Everything from the right to dividends to the right to sue.

Illustration of voting box with ballot

Spring is when a young (or old) investor’s fancy turns to love—and proxy voting. If you own shares in individual stocks, you’ll probably start receiving proxy solicitations soon. These voting forms are the most concrete reminder of shareholders’ rights and responsibilities with regard to the companies they invest in.

In this article, I’ll explain the legal privileges you have as a shareholder and how to exercise them.

The Basics

In some ways, owners of common stock are at the bottom of the ladder. Bondholders are first in line to receive interest and principal payments from a company’s assets. Preferred stockholders rank second and receive dividend payments before common stockholders. Common stock shareholders are last to be paid in the event of a bankruptcy. Instead, they have a residual interest in the company’s equity, which is the amount left over after subtracting total liabilities from total assets.

Technically, shareholders don’t legally own the corporation. Instead, they own securities that give them a claim on the company’s equity and dividends paid to common shareholders. It’s also important to note that shareholders aren’t responsible for managing the company. That role is explicitly given to the board of directors, which then appoints executive officers to run the company’s day-to-day business operations.

The 10 Most Important Shareholder Rights

  1. The right to receive dividends, if any. Companies have broad discretion in how they allocate capital, and the board of directors typically weighs in on whether to reinvest profits, pay down debt, make acquisitions, repurchase shares, or pay a dividend. If the board decides to pay a dividend, every shareholder of record is entitled to receive the per-share dividend amount multiplied by the number of shares owned.
  2. The right to information.

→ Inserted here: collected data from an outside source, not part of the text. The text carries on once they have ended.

(* Let $m,n$ be nonzero integers with $|m|<|n|$, and let $u$ be a vertex of $\Lambda_{m,n}$. Then $u$ is of type $a$ if and only if there exists a finite set $V_u$ of vertices of $\Lambda_{m,n}$, each at distance $2$ from $u$, such that $\mathrm{lk}_\Lambda(u)\subseteq \bigcup_{v\in V_u} \mathrm{lk}_\Lambda(v)$.
   Context: $\mathrm{BS}(m,n)=\langle a,t\mid ta^mt^{-1}=a^n\rangle$; its Cayley graph $\Upsilon_{m,n}$ for $\{a,t\}$ has $a$-lines (subgraphs spanned by left cosets $g\langle a\rangle$) and $t$-lines (spanned by left cosets $g\langle t\rangle$), called standard lines. $\Lambda_{m,n}$ is the graph with one vertex per standard line, two vertices being adjacent if the corresponding lines intersect; the type of a vertex is $a$ or $t$ according to the label of its line. $\Lambda_{m,n}$ has the path metric with edges of length $1$, and $\mathrm{lk}_\Lambda(u)$ denotes the set of vertices at distance $1$ from $u$. *)

(* Baumslag–Solitar group BS(m,n) = <a,t | t a^m t^-1 = a^n>
   realised concretely as words in a, a^-1, t, t^-1 modulo the congruence
   generated by free cancellation and the defining relator. *)
From Stdlib Require Import ZArith List.
Import ListNotations.
Open Scope Z_scope.

Inductive letter := LA | LAi | LT | LTi.

Definition linv (x : letter) : letter :=
  match x with LA => LAi | LAi => LA | LT => LTi | LTi => LT end.

Definition word := list letter.

Definition lpow (x : letter) (k : Z) : word :=
  if (0 <=? k) then repeat x (Z.to_nat k) else repeat (linv x) (Z.to_nat (- k)).

Definition relator (m n : Z) : word := [LT] ++ lpow LA m ++ [LTi] ++ lpow LA (- n).

Inductive bs_eq (m n : Z) : word -> word -> Prop :=
| bs_refl w : bs_eq m n w w
| bs_sym u v : bs_eq m n u v -> bs_eq m n v u
| bs_trans u v w : bs_eq m n u v -> bs_eq m n v w -> bs_eq m n u w
| bs_free u v x : bs_eq m n (u ++ x :: linv x :: v) (u ++ v)
| bs_rel u v : bs_eq m n (u ++ relator m n ++ v) (u ++ v).

Inductive ltype := TyA | TyT.

Definition gen (ty : ltype) : letter := match ty with TyA => LA | TyT => LT end.

(* A vertex of Lambda_{m,n}: a standard line g<a> or g<t>, represented by
   its type and a representative g of the left coset. *)
Definition vertex := (ltype * word)%type.

Definition same_vertex (m n : Z) (u v : vertex) : Prop :=
  fst u = fst v /\ exists k : Z, bs_eq m n (snd u ++ lpow (gen (fst u)) k) (snd v).

(* Adjacency in Lambda: the two (distinct) standard lines intersect.
   Lines of the same type either coincide or are disjoint (cosets of the
   same subgroup), so adjacency only occurs between lines of different type;
   an a-line g<a> and a t-line h<t> intersect iff g a^k = h t^l for some k,l. *)
Definition adj (m n : Z) (u v : vertex) : Prop :=
  fst u <> fst v /\
  exists k l : Z, bs_eq m n (snd u ++ lpow (gen (fst u)) k) (snd v ++ lpow (gen (fst v)) l).

Definition dist2 (m n : Z) (u v : vertex) : Prop :=
  ~ same_vertex m n u v /\ ~ adj m n u v /\
  exists w : vertex, adj m n u w /\ adj m n w v.

(* BS(m,n) acts on the real line by affine maps, a : x |-> x + 1 and t : x |-> (n/m) x.
   An a-line g<a> meets the t-lines g a^k <t>; since a^(qn) t = t a^(qm), the t-line
   g a^(j+qn) <t> meets the a-line g a^j t <a>, so the |n| a-lines g a^j t <a>
   (0 <= j < |n|) cover the link of g<a>, and they are at distance 2 from it because
   the scale n/m of t is not 1.  If instead a t-line h<t> other than g<t> meets the
   a-line g t^N <a>, the translation parts of h and g differ by a nonzero integer
   multiple of (scale of g) (n/m)^N.  As |n/m| > 1, each vertex meets only finitely
   many of the lines g t^N <a>, so no finite family covers the link of g<t>. *)

From Stdlib Require Import ZArith List Lia Setoid Morphisms Reals Lra.
Import ListNotations.
Open Scope Z_scope.

Section Words.
Variables m n : Z.

Local Notation "u ≡ v" := (bs_eq m n u v) (at level 70).

#[export] Instance bs_eq_equivalence : Equivalence (bs_eq m n).
Proof. split; [exact (bs_refl m n) | exact (bs_sym m n) | exact (bs_trans m n)]. Qed.

Lemma bs_eq_app_l w u v : u ≡ v -> w ++ u ≡ w ++ v.
Proof.
  induction 1 as [| | |u v x|u v].
  - reflexivity.
  - now symmetry.
  - etransitivity; eassumption.
  - rewrite !app_assoc. apply bs_free.
  - rewrite (app_assoc w u), (app_assoc w u v). apply bs_rel.
Qed.

Lemma bs_eq_app_r w u v : u ≡ v -> u ++ w ≡ v ++ w.
Proof.
  induction 1 as [| | |u v x|u v].
  - reflexivity.
  - now symmetry.
  - etransitivity; eassumption.
  - rewrite <- !app_assoc. apply bs_free.
  - rewrite <- !app_assoc. apply bs_rel.
Qed.

#[export] Instance app_bs_eq_proper :
  Proper (bs_eq m n ==> bs_eq m n ==> bs_eq m n) (@app letter).
Proof.
  intros u u' Hu v v' Hv.
  transitivity (u ++ v'); [apply bs_eq_app_l | apply bs_eq_app_r]; assumption.
Qed.

Lemma linvK x : linv (linv x) = x.
Proof. now destruct x. Qed.

Lemma bs_eq_cancel_l x : [linv x; x] ≡ [].
Proof. rewrite <- (linvK x) at 2. exact (bs_free m n [] [] (linv x)). Qed.

Lemma lpow_linv x k : lpow (linv x) k = lpow x (- k).
Proof.
  unfold lpow. rewrite Z.opp_involutive, linvK.
  destruct (Z.compare_spec k 0) as [->| |];
    [reflexivity | rewrite (proj2 (Z.leb_gt 0 k)), (proj2 (Z.leb_le 0 (- k))) by lia
                 | rewrite (proj2 (Z.leb_le 0 k)), (proj2 (Z.leb_gt 0 (- k))) by lia];
    reflexivity.
Qed.

Lemma lpow_succ_r x k : lpow x (Z.succ k) ≡ lpow x k ++ [x].
Proof.
  unfold lpow. destruct (Z.le_gt_cases 0 k).
  - rewrite !(proj2 (Z.leb_le 0 _)) by lia. rewrite Z2Nat.inj_succ by lia.
    cbn [repeat]. now rewrite repeat_cons.
  - rewrite (proj2 (Z.leb_gt 0 k)) by lia.
    replace (Z.to_nat (- k)) with (S (Z.to_nat (- Z.succ k))) by lia.
    cbn [repeat]. rewrite repeat_cons, <- app_assoc.
    change ([linv x] ++ [x]) with [linv x; x]. rewrite bs_eq_cancel_l, app_nil_r.
    destruct (Z.leb_spec 0 (Z.succ k)).
    + now replace (Z.succ k) with 0 by lia.
    + reflexivity.
Qed.

Lemma lpow_pred_r x k : lpow x (Z.pred k) ≡ lpow x k ++ [linv x].
Proof.
  rewrite <- (Z.opp_involutive (Z.pred k)), Z.opp_pred, <- lpow_linv,
    lpow_succ_r, lpow_linv, Z.opp_involutive.
  reflexivity.
Qed.

Lemma lpow_add x a b : lpow x a ++ lpow x b ≡ lpow x (a + b).
Proof.
  induction b as [|b IH|b IH] using Z.peano_ind.
  - now rewrite app_nil_r, Z.add_0_r.
  - rewrite Z.add_succ_r, !lpow_succ_r, app_assoc, IH. reflexivity.
  - rewrite Z.add_pred_r, !lpow_pred_r, app_assoc, IH. reflexivity.
Qed.

Lemma lpow_opp_r x k : lpow x k ++ lpow x (- k) ≡ [].
Proof. now rewrite lpow_add, Z.add_opp_diag_r. Qed.

Lemma lpow_opp_l x k : lpow x (- k) ++ lpow x k ≡ [].
Proof. now rewrite lpow_add, Z.add_opp_diag_l. Qed.

Lemma lpowA_n_t : lpow LA n ++ [LT] ≡ [LT] ++ lpow LA m.
Proof.
  transitivity (relator m n ++ lpow LA n ++ [LT]).
  { symmetry. exact (bs_rel m n [] _). }
  unfold relator. rewrite <- !app_assoc, (app_assoc (lpow LA (- n))), lpow_opp_l.
  change ([LTi] ++ [] ++ [LT]) with [linv LT; LT].
  now rewrite bs_eq_cancel_l, app_nil_r.
Qed.

Lemma lpowA_t_add a b c d :
  lpow LA a ++ [LT] ≡ [LT] ++ lpow LA b -> lpow LA c ++ [LT] ≡ [LT] ++ lpow LA d ->
  lpow LA (a + c) ++ [LT] ≡ [LT] ++ lpow LA (b + d).
Proof.
  intros Hab Hcd.
  rewrite <- !lpow_add, <- app_assoc, Hcd, app_assoc, Hab, <- app_assoc. reflexivity.
Qed.

Lemma lpowA_t_opp a b :
  lpow LA a ++ [LT] ≡ [LT] ++ lpow LA b -> lpow LA (- a) ++ [LT] ≡ [LT] ++ lpow LA (- b).
Proof.
  intros Hab.
  transitivity (lpow LA (- a) ++ [LT] ++ lpow LA b ++ lpow LA (- b)).
  { now rewrite lpow_opp_r, app_nil_r. }
  rewrite (app_assoc [LT]), <- Hab, !app_assoc, lpow_opp_l. reflexivity.
Qed.

Lemma lpowA_mul_n_t q : lpow LA (q * n) ++ [LT] ≡ [LT] ++ lpow LA (q * m).
Proof.
  induction q as [|q IH|q IH] using Z.peano_ind.
  - reflexivity.
  - rewrite !Z.mul_succ_l. exact (lpowA_t_add _ _ _ _ IH lpowA_n_t).
  - rewrite !Z.mul_pred_l. exact (lpowA_t_add _ _ _ _ IH (lpowA_t_opp _ _ lpowA_n_t)).
Qed.

End Words.

Definition link_finitely_covered (m n : Z) (u : vertex) : Prop :=
  exists Vu : list vertex,
    (forall v, In v Vu -> dist2 m n u v) /\
    (forall w, adj m n u w -> exists v, In v Vu /\ adj m n v w).

Lemma eventually_forall_in {A : Type} (P : A -> nat -> Prop) (l : list A) :
  (forall x, In x l -> exists B, forall N, (B <= N)%nat -> P x N) ->
  exists B, forall x N, In x l -> (B <= N)%nat -> P x N.
Proof.
  induction l as [|y l IH]; intros Hl.
  - exists 0%nat. intros x N [].
  - destruct (Hl y (or_introl eq_refl)) as [By Hy].
    destruct IH as [Bl HBl]. { intros x Hx. exact (Hl x (or_intror Hx)). }
    exists (Nat.max By Bl). intros x N [<-|Hx] HN; [apply Hy | apply HBl]; auto; lia.
Qed.

Section AffineModel.
Variables m n : Z.
Hypothesis hm : m <> 0.
Hypothesis hn : n <> 0.

Local Open Scope R_scope.

(* (s, b) stands for the affine map x |-> s x + b of the real line; a acts as
   x |-> x + 1 and t as x |-> (n/m) x, which respects the relator. *)
Definition aff_comp (f g : R * R) : R * R := (fst f * fst g, fst f * snd g + snd f).

Definition bs_ratio : R := IZR n / IZR m.

Definition aff_letter (x : letter) : R * R :=
  match x with
  | LA => (1, 1) | LAi => (1, -1) | LT => (bs_ratio, 0) | LTi => (/ bs_ratio, 0)
  end.

Fixpoint aff_word (w : word) : R * R :=
  match w with [] => (1, 0) | x :: w' => aff_comp (aff_letter x) (aff_word w') end.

Under most state laws, shareholders have the right to view a company’s books and records, as well as its charter, bylaws, minutes from board meetings, and list of shareholders of record. Under federal securities laws, companies must provide shareholders with a comprehensive set of quarterly and annual financial reports, as well as many other required disclosures.
  3. The right to elect directors. Members of the board of directors play a critical role, which is to guide the company, make sure it’s in compliance with legal requirements, and manage the business on behalf of shareholders. They also have fiduciary duties to protect the company’s interests and to act in the best interest of shareholders. As part of the proxy process, shareholders can either cast a vote for a proposed director or withhold their votes (but typically can’t vote against a candidate). Under most state laws, directors are elected by a plurality vote, meaning that candidates can still be elected even if they didn’t receive a majority of the votes cast.
  4. The right to nominate directors. The SEC adopted new “proxy access” rules in 2010, which allow shareholders to nominate candidates for the board of directors. Nominating shareholders are required to hold shares representing at least 3% of the voting power of the company’s securities, with the shares being held for at least three years. Shareholders may nominate no more than one nominee or a slate of nominees representing up to 25% of the company’s board of directors, whichever is greater.
  5. The right to vote on major issues affecting the company. Shareholders are allowed to vote on any fundamental changes to the company that affect its structure, such as changes to its charter or bylaws, an acquisition by another company, a merger of two companies that become a new company, a material sale of corporate assets, or the disbanding of the company (unless initiated by the government).
  6. The right to provide an advisory opinion on executive pay. As part of the Dodd-Frank overhauls enacted in 2010, publicly traded companies are required to provide shareholders with an advisory vote on executive compensation (also known as Say on Pay) at least once every three years. Shareholders are asked to vote on the pay of company’s chief executive officer, chief financial officer, and at least three other most highly compensated executive officers. However, Say-on-Pay votes are nonbinding; the company or board doesn’t need to take any specific action based on these votes.
  7. The right to submit a proposal for a proxy vote. Shareholders who own a minimum amount of the company’s stock ($2,000 for at least three years, $15,000 for at least two years, or $25,000 for at least one year) may submit a proposal to be included on the company’s proxy statement. There are various limitations on what type of proposals may be submitted, and any proposals that end up on the proxy are typically subject to a nonbinding advisory vote.
  8. The right to participate in the annual meeting of shareholders. Under state law, issuers are generally required to hold annual meetings. The annual meeting of shareholders is often the one time per year that shareholders can meet directly with corporate executives. In more practical terms, the annual meeting is the culmination of the proxy-voting process. Shareholders who didn’t already submit proxy votes may cast votes in person or express their concerns about matters presented for shareholder approval.
  9. The right to sue. As owners of a stock, shareholders can bring legal action against the company, board members, executive officers, or other shareholders. It’s important to note that losing money on a stock isn’t a sufficient reason for making a lawsuit; the shareholder must be able to prove that a wrongful act took place. Wrongful acts are generally defined as a breach of duty, neglect, error, misstatement or misleading statement, or error of omission.
  10. The right to sell shares. In legal terms, common stocks are considered a form of personal property and can therefore be sold freely (with some minor exceptions such as lockup periods after an IPO). For publicly traded stocks, this means shareholders can decide if and when to sell their shares through the open market. At the end of the day, shareholders can “vote with their feet” if they’re unhappy with a company’s board or management. That may be the most valuable shareholder right of all.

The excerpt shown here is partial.